_SUPPLIED INFORMATION_
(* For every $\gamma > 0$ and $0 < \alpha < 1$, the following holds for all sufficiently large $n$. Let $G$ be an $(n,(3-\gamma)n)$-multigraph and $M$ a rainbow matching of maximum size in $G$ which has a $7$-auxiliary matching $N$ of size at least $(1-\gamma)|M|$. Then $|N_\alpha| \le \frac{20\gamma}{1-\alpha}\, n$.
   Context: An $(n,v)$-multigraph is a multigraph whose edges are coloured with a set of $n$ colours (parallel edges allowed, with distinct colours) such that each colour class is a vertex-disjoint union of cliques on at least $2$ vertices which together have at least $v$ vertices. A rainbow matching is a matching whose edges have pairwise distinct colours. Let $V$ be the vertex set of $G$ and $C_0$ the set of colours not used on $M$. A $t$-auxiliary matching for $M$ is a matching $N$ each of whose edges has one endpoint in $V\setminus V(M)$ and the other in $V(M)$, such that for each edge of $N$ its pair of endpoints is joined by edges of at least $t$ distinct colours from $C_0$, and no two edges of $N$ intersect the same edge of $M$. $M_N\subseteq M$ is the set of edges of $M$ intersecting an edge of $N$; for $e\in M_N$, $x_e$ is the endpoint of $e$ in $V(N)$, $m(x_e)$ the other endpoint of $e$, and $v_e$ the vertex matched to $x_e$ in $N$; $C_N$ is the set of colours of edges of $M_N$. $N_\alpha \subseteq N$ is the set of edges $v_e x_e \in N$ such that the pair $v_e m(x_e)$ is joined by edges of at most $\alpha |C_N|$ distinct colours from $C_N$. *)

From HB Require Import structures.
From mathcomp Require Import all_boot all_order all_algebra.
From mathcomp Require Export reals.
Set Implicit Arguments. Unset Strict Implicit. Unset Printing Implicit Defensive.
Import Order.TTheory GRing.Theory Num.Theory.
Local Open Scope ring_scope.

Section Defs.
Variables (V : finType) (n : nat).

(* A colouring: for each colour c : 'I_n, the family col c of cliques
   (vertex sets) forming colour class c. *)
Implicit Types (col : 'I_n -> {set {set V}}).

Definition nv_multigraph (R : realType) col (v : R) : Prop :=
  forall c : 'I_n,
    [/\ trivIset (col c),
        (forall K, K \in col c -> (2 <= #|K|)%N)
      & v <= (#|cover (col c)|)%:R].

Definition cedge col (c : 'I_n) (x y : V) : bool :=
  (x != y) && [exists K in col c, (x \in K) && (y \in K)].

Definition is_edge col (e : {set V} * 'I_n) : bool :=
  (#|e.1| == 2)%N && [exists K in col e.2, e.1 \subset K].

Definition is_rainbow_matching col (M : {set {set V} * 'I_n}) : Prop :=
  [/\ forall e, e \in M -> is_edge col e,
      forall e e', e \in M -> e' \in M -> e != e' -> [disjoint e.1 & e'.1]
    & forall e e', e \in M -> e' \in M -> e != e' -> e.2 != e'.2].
---
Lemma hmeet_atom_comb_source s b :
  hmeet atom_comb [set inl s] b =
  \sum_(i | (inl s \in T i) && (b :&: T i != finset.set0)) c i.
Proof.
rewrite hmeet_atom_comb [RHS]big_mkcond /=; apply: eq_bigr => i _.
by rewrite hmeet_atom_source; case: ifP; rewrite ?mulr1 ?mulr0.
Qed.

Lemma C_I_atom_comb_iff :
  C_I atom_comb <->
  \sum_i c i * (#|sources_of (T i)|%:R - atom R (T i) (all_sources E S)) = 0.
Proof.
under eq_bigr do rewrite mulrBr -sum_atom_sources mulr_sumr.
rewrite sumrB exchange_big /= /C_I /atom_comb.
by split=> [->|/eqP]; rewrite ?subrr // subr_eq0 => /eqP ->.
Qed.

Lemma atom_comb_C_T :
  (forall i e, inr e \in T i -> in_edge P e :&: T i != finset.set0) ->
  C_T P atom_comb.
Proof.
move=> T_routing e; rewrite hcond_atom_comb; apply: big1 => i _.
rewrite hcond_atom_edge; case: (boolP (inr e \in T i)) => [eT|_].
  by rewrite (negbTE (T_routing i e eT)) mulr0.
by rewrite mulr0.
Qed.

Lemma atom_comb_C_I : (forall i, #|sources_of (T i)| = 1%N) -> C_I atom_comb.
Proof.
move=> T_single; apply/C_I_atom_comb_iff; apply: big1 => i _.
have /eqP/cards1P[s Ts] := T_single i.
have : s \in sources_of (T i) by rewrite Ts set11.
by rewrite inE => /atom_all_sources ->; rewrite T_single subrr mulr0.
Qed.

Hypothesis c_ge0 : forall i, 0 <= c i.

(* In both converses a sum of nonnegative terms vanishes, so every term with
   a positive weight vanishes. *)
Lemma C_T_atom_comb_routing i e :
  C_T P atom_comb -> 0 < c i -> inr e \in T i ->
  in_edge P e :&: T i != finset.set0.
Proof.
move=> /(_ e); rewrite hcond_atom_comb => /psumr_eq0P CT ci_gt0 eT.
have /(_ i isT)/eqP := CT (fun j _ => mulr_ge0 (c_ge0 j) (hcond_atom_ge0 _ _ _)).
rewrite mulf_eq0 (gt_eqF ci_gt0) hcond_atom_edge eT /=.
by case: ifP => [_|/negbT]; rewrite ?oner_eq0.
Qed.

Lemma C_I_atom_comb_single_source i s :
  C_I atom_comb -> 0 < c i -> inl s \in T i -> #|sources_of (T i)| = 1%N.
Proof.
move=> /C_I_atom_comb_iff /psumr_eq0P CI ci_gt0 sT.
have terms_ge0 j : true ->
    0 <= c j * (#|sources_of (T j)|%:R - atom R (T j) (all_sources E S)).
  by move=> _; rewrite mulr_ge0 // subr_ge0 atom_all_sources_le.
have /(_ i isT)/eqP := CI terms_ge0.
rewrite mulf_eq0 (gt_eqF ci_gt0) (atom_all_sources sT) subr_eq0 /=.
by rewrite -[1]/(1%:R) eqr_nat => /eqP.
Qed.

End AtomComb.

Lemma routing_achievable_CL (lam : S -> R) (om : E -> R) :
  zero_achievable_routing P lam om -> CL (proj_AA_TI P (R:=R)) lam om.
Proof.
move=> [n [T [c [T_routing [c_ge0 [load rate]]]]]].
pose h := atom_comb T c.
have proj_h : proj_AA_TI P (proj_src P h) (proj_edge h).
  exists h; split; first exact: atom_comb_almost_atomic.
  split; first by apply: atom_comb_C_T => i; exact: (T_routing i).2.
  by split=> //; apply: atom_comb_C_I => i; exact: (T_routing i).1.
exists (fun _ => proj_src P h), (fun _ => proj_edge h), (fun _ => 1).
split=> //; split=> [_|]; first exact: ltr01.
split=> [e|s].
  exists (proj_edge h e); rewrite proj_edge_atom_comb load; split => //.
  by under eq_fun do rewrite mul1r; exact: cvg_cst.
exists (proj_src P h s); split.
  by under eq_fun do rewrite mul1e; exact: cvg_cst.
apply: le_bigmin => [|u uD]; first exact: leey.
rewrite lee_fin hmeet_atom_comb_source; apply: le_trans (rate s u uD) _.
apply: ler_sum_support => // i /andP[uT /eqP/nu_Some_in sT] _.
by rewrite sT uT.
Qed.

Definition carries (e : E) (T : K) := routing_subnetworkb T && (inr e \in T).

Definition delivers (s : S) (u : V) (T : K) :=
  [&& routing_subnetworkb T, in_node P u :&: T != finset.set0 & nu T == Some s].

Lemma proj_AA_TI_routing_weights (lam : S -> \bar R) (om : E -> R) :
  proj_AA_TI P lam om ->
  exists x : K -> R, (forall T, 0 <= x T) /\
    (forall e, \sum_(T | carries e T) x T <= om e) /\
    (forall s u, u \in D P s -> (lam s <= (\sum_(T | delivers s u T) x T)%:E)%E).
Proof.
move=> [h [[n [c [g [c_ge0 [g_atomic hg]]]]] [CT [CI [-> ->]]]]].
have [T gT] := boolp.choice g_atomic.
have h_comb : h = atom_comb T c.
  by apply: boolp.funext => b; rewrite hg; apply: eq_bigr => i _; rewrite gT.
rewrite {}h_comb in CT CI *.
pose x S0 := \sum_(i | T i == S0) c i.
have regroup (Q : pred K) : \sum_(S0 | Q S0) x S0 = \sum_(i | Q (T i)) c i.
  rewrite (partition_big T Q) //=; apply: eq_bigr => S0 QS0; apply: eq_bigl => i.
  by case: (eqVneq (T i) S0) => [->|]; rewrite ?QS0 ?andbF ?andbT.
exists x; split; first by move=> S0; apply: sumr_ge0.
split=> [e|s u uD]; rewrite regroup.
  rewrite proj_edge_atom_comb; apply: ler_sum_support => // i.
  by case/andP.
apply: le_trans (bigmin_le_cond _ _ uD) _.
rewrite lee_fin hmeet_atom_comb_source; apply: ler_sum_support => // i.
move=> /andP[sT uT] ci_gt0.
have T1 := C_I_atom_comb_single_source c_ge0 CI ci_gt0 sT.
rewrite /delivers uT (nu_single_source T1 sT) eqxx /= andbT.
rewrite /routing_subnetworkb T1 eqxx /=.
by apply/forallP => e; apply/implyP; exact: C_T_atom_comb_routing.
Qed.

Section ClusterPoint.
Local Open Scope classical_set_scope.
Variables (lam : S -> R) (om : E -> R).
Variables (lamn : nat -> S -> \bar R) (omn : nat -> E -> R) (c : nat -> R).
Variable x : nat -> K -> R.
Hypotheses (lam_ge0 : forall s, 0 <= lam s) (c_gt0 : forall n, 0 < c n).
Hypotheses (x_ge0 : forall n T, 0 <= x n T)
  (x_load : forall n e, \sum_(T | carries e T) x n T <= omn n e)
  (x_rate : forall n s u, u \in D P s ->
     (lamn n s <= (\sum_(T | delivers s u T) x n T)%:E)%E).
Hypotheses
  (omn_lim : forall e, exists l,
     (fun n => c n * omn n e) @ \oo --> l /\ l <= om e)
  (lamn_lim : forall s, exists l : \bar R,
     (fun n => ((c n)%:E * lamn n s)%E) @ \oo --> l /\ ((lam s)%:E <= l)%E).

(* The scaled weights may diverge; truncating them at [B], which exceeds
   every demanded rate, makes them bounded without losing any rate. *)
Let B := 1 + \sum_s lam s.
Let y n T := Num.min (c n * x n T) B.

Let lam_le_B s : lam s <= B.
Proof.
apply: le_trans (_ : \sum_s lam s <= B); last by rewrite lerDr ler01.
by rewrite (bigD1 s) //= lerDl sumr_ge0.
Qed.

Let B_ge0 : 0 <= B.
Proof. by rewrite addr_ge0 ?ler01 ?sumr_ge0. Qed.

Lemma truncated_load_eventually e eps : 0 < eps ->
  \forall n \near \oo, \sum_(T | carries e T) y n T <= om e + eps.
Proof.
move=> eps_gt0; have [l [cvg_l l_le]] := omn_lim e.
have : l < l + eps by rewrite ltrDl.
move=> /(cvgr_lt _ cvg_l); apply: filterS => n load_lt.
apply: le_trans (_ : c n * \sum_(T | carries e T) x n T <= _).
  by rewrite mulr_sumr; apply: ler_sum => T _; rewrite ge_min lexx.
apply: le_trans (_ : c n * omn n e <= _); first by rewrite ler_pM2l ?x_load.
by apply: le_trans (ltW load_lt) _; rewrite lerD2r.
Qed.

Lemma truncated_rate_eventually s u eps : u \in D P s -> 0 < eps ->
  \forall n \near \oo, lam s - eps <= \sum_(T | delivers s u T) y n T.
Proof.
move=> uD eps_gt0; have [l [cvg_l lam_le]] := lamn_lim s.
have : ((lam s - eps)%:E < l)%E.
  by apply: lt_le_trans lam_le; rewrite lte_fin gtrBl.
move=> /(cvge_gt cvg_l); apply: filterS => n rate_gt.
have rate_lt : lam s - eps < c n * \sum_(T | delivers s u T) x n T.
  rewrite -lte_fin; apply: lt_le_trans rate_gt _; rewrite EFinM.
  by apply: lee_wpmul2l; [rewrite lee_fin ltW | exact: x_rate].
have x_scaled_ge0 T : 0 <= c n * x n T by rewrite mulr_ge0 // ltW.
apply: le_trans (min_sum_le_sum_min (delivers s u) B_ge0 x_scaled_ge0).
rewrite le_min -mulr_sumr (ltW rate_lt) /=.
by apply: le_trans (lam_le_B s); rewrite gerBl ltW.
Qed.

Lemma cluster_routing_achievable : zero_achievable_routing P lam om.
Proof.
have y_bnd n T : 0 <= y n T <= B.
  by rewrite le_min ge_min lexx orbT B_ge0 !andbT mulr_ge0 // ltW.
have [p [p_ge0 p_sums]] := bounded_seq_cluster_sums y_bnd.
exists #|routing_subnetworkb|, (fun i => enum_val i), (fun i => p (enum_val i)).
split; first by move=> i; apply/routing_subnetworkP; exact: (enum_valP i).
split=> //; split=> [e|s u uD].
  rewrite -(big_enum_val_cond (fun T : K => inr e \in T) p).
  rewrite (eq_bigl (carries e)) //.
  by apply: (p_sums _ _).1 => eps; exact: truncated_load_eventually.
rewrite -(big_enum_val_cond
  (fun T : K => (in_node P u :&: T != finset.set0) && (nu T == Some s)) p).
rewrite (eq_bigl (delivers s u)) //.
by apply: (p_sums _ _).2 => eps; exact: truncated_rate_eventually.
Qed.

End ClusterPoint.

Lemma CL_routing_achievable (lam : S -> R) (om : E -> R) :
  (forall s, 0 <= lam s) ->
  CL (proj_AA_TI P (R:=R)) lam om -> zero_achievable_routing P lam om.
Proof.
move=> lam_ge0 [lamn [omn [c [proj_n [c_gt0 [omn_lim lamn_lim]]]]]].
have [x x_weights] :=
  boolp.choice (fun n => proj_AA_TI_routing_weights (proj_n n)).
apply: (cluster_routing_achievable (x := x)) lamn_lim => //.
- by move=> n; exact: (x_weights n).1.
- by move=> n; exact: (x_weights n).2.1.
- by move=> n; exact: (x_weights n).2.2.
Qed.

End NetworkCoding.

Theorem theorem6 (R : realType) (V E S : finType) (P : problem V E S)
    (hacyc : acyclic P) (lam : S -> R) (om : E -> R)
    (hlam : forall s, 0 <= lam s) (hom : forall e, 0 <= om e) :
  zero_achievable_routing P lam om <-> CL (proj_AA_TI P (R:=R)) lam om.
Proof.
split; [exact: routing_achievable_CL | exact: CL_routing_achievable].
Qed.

_WHAT YOU ARE ASKED TO DO_
In the listing above, find the line with "(fun n => c" and the line with "Proof. by rewrite"; output exactly those lines and all lines between them.

_RESPONSE AREA_
     (fun n => c n * omn n e) @ \oo --> l /\ l <= om e)
  (lamn_lim : forall s, exists l : \bar R,
     (fun n => ((c n)%:E * lamn n s)%E) @ \oo --> l /\ ((lam s)%:E <= l)%E).

(* The scaled weights may diverge; truncating them at [B], which exceeds
   every demanded rate, makes them bounded without losing any rate. *)
Let B := 1 + \sum_s lam s.
Let y n T := Num.min (c n * x n T) B.

Let lam_le_B s : lam s <= B.
Proof.
apply: le_trans (_ : \sum_s lam s <= B); last by rewrite lerDr ler01.
by rewrite (bigD1 s) //= lerDl sumr_ge0.
Qed.

Let B_ge0 : 0 <= B.
Proof. by rewrite addr_ge0 ?ler01 ?sumr_ge0. Qed.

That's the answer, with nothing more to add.